Dies ist möglich, da auch mit der revidierten TKÜV alle Überwachungsanordnungen “out of band” auf traditionellen Wegen (per Post oder Fax) bei dem verpflichteten Anbieter eingehen, dort durch den lokalen G10-Beauftragten ggf geprüft werden und dann mehr oder weniger manuell ins TKÜV-Interface eingehackt werden.

Die Anzahl der Anordnungen hielt sich dabei zumindest bis vor zwei Jahren noch einigermaßen im Rahmen: In den mir bekannten Fällen lagen pro Million Kunden ca. 2 Überwachungsanordnungen vor. Das erscheint mir plausibel: Ich kann durchaus glauben, daß sich in einer Menge von je 500.000 Menschen (so viele Personen wie in Kiel und Karlsruhe zusammen leben) jeweils mindestens eine Person befindet, gegen die die Polizei ausreichend Verdachtsmomente wegen so schwerer Straftaten in der Hand hat, daß sie Genehmigung einer solche Maßnahme durch einen Untersuchungsrichter rechtfertigen. In der Tat finde ich diese Zahl sogar klein. Und die Art der Übermittlung der Ergebnisse einer solchen Überwachung durch das SINA-VPN erscheint mir angesichts der Art der übermittelten Daten sehr viel angemessener als die vorher verwendete Methode.

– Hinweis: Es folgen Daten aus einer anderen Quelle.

(* Consider the quenched random Lorentz tube described in the context, satisfying the standing assumptions (A1)–(A5). Let $\{S_n\}_{n\ge 0}$ be the cocycle of the exit function $e$ over the point-of-view system $(\Sigma,F,\lambda)$, i.e. $S_0\equiv 0$ and $S_n(x,\ell)=\sum_{k=0}^{n-1} \tilde e(F^k(x,\ell))$ for $n\ge1$, where $\tilde e(x,\ell):=e(x,\ell_0)$. If this cocycle is recurrent, i.e. for $\lambda$-a.e. $\xi\in\Sigma$ there is a subsequence $\{n_j\}_{j\in\mathbb N}$ with $S_{n_j}(\xi)=0$ for all $j$, then for $\Pi$-a.e. $\ell\in\Omega^{\mathbb Z}$ the system $(\mathcal M,T_\ell,\mu)$ is recurrent.
   Context: Geometry. Let $C_0\subset\mathbb R^2$ be a closed polygon two of whose sides, $G^1$ and $G^2$, are parallel and congruent, and let $\tau$ be the translation of $\mathbb R^2$ with $\tau(G^1)=G^2$. Set $C_n:=\tau^n(C_0)$, $G^j_n:=\tau^n(G^j)$ ($n\in\mathbb Z$, $j=1,2$), and the tube $\mathcal T:=\bigcup_{n\in\mathbb Z}C_n$ (so $G^2_n=G^1_{n+1}$). Let $\Omega$ be a measurable space; to each $\omega\in\Omega$ is associated (measurably) a configuration of closed, pairwise disjoint, piecewise smooth, convex, possibly empty sets $\mathcal O_1(\omega),\dots,\mathcal O_N(\omega)\subset C_0$ (scatterers). For a realization $\ell=(\ell_n)_{n\in\mathbb Z}\in\Omega^{\mathbb Z}$, the scatterers in $C_n$ are $\mathcal O_{n,i}(\ell_n):=\tau^n(\mathcal O_i(\ell_n))$. The realization $\ell$ is random with law $\Pi$ on $\Omega^{\mathbb Z}$; $\sigma$ is the left shift, $(\sigma\ell)_n=\ell_{n+1}$. Dynamics. The table is $Q_\ell:=\mathcal T\setminus\bigcup_{n,i}\mathcal O_{n,i}(\ell_n)$; the billiard flow on $Q_\ell\times S^1$ is unit-speed free motion in the interior of $Q_\ell$ with elastic reflection (angle of reflection equals angle of incidence) at $\partial Q_\ell$; it is taken right-continuous (post-collisional velocities), and a trajectory hitting a non-smooth point of $\partial Q_\ell$ stays there forever. A trajectory is singular if at some time it hits $\partial Q_\ell$ tangentially or at a vertex. Let $o_j$ be the inner normal of $C_n$ at $G^j_n$ (so $o_2=-o_1$), $\mathcal N^j_n:=\{(q,v)\in G^j_n\times S^1: v\cdot o_j>0\}$ and $\mathcal M:=\bigcup_{n\in\mathbb Z}\bigcup_{j=1,2}\mathcal N^j_n$. $T_\ell:\mathcal M\to\mathcal M$ is the Poincaré (first-return) map of the flow to $\mathcal M$ (successive crossings of the gates $G^j_n$), and $\mu$ is the infinite, $\sigma$-finite invariant measure $d\mu(q,v)=(v\cdot o_j)\,dq\,dv$ on each $\mathcal N^j_n$. The system $(\mathcal M,T_\ell,\mu)$ is called recurrent if for every measurable $A\subseteq\mathcal M$, $\mu$-a.e. $x\in A$ returns to $A$ at least once under $T_\ell$. Standing assumptions. (A1) $\Pi$ is ergodic for $\sigma$. (A2) There is a positive integer $K$ such that for $\Pi$-a.e. $\ell$ each $\partial\mathcal O_{n,i}$ consists of at most $K$ compact connected $C^3$ pieces which may intersect only at their endpoints (vertices). (A3) For $x=(q,v)$ let $\gamma(x)$ be the first time the trajectory of $x$ hits a non-flat part of the boundary, and let $k(q)$ be the curvature of $\partial Q_\ell$ at a smooth point $q$ (positive for the convex scatterers). There are constants $0<\gamma_m<\gamma_M$ such that for a.e. $\ell$ and all $x=(q,v)$ with $q\in\partial Q_\ell$ and $k(q)>0$, $\gamma_m\le\gamma(x)\le\gamma_M$; moreover, starting from such $x$ and within time $\gamma(x)$ there are at most $M$ collisions with flat parts of the boundary, $M$ a universal constant. (A4) There is $k_m>0$ such that for a.e. $\ell$ and every smooth point $q$ of $\partial Q_\ell$, either $\partial Q_\ell$ is flat at $q$ or $k(q)\ge k_m$. (A5) For a.e. $\ell$ and all $i,j\in\{1,2\}$ there is a non-singular trajectory entering $C_0$ through $G^i$ and leaving it through $G^j$. Point of view of the particle. Let $\mathcal N^j:=\mathcal N^j_0$, $\mathcal N:=\mathcal N^1\cup\mathcal N^2$, and $\mu_0$ the measure $(v\cdot o_j)\,dq\,dv$ on $\mathcal N$ normalized to 1. For $\omega\in\Omega$ and $x=(q,v)\in\mathcal N$, follow the billiard trajectory of $x$ in $C_0$ with scatterers $\mathcal O_i(\omega)$ until it first crosses $G^1$ or $G^2$, at the point $q_1$ with velocity $v_1$, entering the cell $C_\epsilon$, $\epsilon\in\{-1,+1\}$ (defined for a.e. $x$). Set $R_\omega x:=(\tau^{-\epsilon}(q_1),v_1)\in\mathcal N$ and the exit function $e(x,\omega):=\epsilon$. Define $\Sigma:=\mathcal N\times\Omega^{\mathbb Z}$, $F(x,\ell):=(R_{\ell_0}x,\sigma^{e(x,\ell_0)}(\ell))$, and $\lambda:=\mu_0\times\Pi$, a probability measure preserved by $F$. *)

From HB Require Import structures.
From mathcomp Require Import all_boot all_order all_algebra.
From mathcomp Require Import all_classical all_reals all_analysis.
Set Implicit Arguments. Unset Strict Implicit. Unset Printing Implicit Defensive.
Import Order.TTheory GRing.Theory Num.Theory.
Local Open Scope classical_set_scope.
Local Open Scope ring_scope.
(* Let $\mathcal N$ be a phylogenetic network on $X$ that is both tree-sibling and time-consistent. Then $\mathcal N$ is an orchard network.
   Context: Throughout, $X$ is a non-empty finite set and all paths are directed. A phylogenetic network on $X$ is a rooted acyclic directed graph with no parallel arcs such that: (i) the unique root has in-degree $0$ and out-degree $2$; (ii) every vertex of out-degree $0$ has in-degree $1$, and the set of vertices of out-degree $0$ (the leaves) is $X$; (iii) every other vertex has either in-degree $1$ and out-degree $2$ (a tree vertex) or in-degree $2$ and out-degree $1$ (a reticulation). If $|X|=1$, a single vertex (the element of $X$, which is then the root) is also a phylogenetic network. Arcs directed into a reticulation are reticulation arcs; all other arcs are tree arcs. For a $2$-element subset $\{a,b\}\subseteq X$ with parents $p_a,p_b$: $\{a,b\}$ is a cherry if $p_a=p_b$; it is a reticulated cherry with reticulation leaf $b$ if $p_b$ is a reticulation and $(p_a,p_b)$ is an arc. If $\{a,b\}$ is a cherry, reducing $b$ means deleting $b$ and suppressing the resulting vertex of in-degree 1 and out-degree 1 (if the common parent is the root, delete $b$ and the root, leaving the single vertex $a$). If $\{a,b\}$ is a reticulated cherry with reticulation leaf $b$, cutting $\{a,b\}$ means deleting the arc $(p_a,p_b)$ and suppressing the two resulting vertices of in-degree 1 and out-degree 1. These two operations are called cherry reductions. A cherry-reduction sequence of $\mathcal N$ is a sequence $\mathcal N=\mathcal N_0,\mathcal N_1,\dots,\mathcal N_k$ where each $\mathcal N_i$ is obtained from $\mathcal N_{i-1}$ by a single cherry reduction; it is complete if $\mathcal N_k$ is a single vertex. $\mathcal N$ is an orchard network if it has a complete cherry-reduction sequence. $\mathcal N$ is tree-sibling if every reticulation has a parent that is also the parent of a tree vertex or a leaf. $\mathcal N$ is time-consistent if there is a map $t$ from the vertex set to the non-negative integers with $t(u)=t(v)$ for every reticulation arc $(u,v)$ and $t(u)<t(v)$ for every tree arc $(u,v)$. *)

From mathcomp Require Import all_boot.
Set Implicit Arguments. Unset Strict Implicit. Unset Printing Implicit Defensive.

Das ist auch genau das, was ich von einem Rechtsstaat erwarten würde: Wenn wir so etwas schon tun müssen, dann bitte so wenig wie möglich, so kontrollierbar wie möglich und qualitativ so hochwertig wie möglich. Damit das vollkommen klar ist: Ich halte die neue TKÜV und das Sina-Zeugs gegenüber der Situation vorher für einen deutlichen Fortschritt!

Nur, wie gesagt, mit dem Bundestrojaner hat das alles nichts zu tun.

Im Gegenteil: Was ich dann bei andreas.org lese, läßt mich vermuten, daß es sich bei der ganzen Bundestrojaner-Idee um etwas technisch höchst riskantes und unausgegorenes handelt, das technisch nicht nur fragwürdig und schwer zu kontrollieren ist, sondern das qualitativ auch in die falsche Richtung geht.

Leute, so was hier ist ein sehr gefährliches Spiel, mit dem der Staat sich mehr vergibt als er jemals wieder durch diese Maßnahme reinholen kann:

Um die Sache mal ein bißchen in den Kontext zu rücken, möchte ich von zwei Job-Angeboten berichten, die mich in den vergangenen Monaten erreicht haben. Zum einen hat das BSI angefragt, ob ich nicht eine Schulung zum Thema “wie schreibe ich einen buffer overflow exploit” für Vertreter diverser Behörden und Organisationen mit Sicherheitsaufgaben halten könne. Zum anderen bekam mich eine Anfrage, doch ein Angebot zur Entwicklung einer transparent bridge abzugeben, die einen Download eines ausführbaren Programms erkennt und dieses on-the-fly mit einem Trojaner versieht.

Das hat mit Rechtsstaat nix zu tun, das ist der Versuch, Stasi-Methoden zu legalisieren.

Die Meldung auf andreas.org ist andererseits nicht so ungewöhnlich. Via fefe.de dieser Anfang 2006 beobachtete Maildialog bei nibbler.de :

250-PIPELINING250-XXXXXXXA250 XXXBstarttls500 unrecognized commandquit

Solche Kommunikations-Manipulation on-the-fly findet offenbar schon statt! Wir alle - unsere Regierung eingeschlossen! - tun gut daran, Infrastruktur zu bauen, die so etwas verhindert, anstatt da bekannte Bruchstellen zu konstruieren und zu pflegen.